[Collected data entries]
Content starts

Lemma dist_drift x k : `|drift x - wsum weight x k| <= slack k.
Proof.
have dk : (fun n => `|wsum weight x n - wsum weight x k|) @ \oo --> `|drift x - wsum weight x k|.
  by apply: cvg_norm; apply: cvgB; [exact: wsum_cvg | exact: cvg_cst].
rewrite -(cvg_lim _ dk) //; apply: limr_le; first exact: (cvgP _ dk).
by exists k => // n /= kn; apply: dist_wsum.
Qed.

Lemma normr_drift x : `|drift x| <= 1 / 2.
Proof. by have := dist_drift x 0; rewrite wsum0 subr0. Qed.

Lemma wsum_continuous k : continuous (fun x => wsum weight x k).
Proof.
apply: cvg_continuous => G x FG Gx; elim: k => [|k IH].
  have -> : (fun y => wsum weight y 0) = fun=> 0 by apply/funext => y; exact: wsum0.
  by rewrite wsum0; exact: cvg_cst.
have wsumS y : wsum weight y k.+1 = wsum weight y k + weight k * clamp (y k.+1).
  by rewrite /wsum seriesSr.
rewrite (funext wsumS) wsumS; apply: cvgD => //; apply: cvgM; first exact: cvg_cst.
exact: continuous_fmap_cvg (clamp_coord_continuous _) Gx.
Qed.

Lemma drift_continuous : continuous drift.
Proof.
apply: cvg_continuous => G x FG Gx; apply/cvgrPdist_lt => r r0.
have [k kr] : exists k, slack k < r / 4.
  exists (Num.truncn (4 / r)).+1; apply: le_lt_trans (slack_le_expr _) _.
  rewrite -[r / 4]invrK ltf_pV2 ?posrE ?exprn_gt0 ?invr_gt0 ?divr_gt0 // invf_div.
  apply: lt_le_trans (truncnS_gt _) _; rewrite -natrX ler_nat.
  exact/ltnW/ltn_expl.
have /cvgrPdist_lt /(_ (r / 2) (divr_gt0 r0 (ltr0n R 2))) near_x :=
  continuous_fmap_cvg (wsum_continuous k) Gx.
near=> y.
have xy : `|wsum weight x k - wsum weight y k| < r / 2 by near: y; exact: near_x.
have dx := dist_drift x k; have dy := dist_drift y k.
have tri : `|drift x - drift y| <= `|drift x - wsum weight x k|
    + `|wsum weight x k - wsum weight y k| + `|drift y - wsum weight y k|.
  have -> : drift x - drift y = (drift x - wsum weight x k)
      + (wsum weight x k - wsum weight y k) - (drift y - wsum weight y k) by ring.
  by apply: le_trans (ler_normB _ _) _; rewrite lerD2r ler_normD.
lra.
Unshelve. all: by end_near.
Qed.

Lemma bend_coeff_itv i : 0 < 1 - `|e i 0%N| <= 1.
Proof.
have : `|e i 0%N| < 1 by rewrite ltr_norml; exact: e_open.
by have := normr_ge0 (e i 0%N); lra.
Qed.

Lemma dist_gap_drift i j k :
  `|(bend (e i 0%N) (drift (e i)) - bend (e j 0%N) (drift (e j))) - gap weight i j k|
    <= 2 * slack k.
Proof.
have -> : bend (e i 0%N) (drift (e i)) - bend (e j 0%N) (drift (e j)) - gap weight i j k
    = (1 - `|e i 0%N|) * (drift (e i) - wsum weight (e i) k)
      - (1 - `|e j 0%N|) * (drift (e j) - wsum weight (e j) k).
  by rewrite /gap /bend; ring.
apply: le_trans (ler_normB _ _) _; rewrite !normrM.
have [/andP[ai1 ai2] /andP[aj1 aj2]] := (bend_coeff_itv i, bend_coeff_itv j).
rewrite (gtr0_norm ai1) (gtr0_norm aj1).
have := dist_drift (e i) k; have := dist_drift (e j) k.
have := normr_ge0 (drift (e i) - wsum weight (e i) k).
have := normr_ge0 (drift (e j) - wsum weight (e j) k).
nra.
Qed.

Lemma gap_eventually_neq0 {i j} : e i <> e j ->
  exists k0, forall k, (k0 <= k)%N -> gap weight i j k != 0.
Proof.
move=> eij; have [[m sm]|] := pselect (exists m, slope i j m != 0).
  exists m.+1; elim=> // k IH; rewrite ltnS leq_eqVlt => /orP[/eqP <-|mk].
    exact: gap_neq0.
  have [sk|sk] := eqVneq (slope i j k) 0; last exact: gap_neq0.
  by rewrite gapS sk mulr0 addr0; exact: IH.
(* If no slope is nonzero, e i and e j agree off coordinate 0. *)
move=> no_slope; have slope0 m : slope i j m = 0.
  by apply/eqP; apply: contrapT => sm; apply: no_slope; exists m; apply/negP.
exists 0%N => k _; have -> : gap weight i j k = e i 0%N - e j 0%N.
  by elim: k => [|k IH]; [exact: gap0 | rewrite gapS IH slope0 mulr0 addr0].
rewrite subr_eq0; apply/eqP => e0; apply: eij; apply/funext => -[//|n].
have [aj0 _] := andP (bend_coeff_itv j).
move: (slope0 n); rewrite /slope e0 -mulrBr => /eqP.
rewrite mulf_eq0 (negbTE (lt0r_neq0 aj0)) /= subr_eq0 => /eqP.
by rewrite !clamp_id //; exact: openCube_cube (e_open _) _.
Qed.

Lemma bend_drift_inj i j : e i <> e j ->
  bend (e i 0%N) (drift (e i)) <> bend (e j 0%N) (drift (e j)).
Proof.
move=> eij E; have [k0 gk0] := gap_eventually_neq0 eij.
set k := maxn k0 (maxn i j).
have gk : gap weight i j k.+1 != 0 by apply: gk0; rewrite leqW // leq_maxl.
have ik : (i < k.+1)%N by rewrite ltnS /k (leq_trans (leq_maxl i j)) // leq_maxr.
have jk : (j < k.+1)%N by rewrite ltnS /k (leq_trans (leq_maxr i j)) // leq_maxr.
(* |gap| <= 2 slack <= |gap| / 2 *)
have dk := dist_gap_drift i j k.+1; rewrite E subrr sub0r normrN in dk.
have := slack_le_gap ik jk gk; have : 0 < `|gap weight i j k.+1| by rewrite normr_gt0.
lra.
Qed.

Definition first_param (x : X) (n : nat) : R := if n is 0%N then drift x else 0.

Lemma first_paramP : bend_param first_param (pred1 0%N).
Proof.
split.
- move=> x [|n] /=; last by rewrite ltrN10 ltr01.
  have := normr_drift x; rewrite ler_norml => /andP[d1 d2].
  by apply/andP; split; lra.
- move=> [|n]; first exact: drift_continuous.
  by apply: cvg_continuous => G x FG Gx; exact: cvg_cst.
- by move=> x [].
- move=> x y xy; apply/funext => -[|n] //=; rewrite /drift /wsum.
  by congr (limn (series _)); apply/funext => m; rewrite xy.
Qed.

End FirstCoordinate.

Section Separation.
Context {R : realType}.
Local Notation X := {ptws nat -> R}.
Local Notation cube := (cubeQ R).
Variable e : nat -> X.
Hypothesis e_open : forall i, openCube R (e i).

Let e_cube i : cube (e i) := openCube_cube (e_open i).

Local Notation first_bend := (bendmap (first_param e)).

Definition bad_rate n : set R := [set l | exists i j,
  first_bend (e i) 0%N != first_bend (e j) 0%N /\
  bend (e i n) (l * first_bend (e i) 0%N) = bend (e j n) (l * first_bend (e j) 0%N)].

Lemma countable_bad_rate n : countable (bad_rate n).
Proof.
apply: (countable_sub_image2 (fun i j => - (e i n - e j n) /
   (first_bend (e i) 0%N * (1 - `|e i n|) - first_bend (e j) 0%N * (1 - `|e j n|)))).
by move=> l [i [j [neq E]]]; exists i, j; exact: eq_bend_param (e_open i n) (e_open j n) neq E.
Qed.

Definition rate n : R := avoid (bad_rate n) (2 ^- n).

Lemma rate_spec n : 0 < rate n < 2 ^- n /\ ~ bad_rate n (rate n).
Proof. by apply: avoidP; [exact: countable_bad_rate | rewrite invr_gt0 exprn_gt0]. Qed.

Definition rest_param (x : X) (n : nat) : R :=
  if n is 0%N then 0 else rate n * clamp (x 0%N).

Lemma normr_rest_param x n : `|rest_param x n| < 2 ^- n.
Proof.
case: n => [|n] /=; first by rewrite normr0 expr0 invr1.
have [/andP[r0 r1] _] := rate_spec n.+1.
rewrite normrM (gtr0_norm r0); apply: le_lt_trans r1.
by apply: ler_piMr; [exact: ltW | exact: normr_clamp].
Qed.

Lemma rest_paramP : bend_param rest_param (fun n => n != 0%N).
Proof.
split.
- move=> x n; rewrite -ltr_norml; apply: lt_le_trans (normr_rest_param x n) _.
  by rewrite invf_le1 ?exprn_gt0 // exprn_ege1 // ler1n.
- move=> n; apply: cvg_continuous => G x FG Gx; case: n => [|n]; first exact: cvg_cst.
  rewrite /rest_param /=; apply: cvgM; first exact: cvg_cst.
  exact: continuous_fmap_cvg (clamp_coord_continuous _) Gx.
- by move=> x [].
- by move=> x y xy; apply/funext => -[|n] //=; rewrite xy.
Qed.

Content ends

About this task:
Please set down again, word for word, only the lines from the start of the entries through the line with "by apply: cvg_norm;", both ends included.

Answer section:
Lemma dist_drift x k : `|drift x - wsum weight x k| <= slack k.
Proof.
have dk : (fun n => `|wsum weight x n - wsum weight x k|) @ \oo --> `|drift x - wsum weight x k|.
  by apply: cvg_norm; apply: cvgB; [exact: wsum_cvg | exact: cvg_cst].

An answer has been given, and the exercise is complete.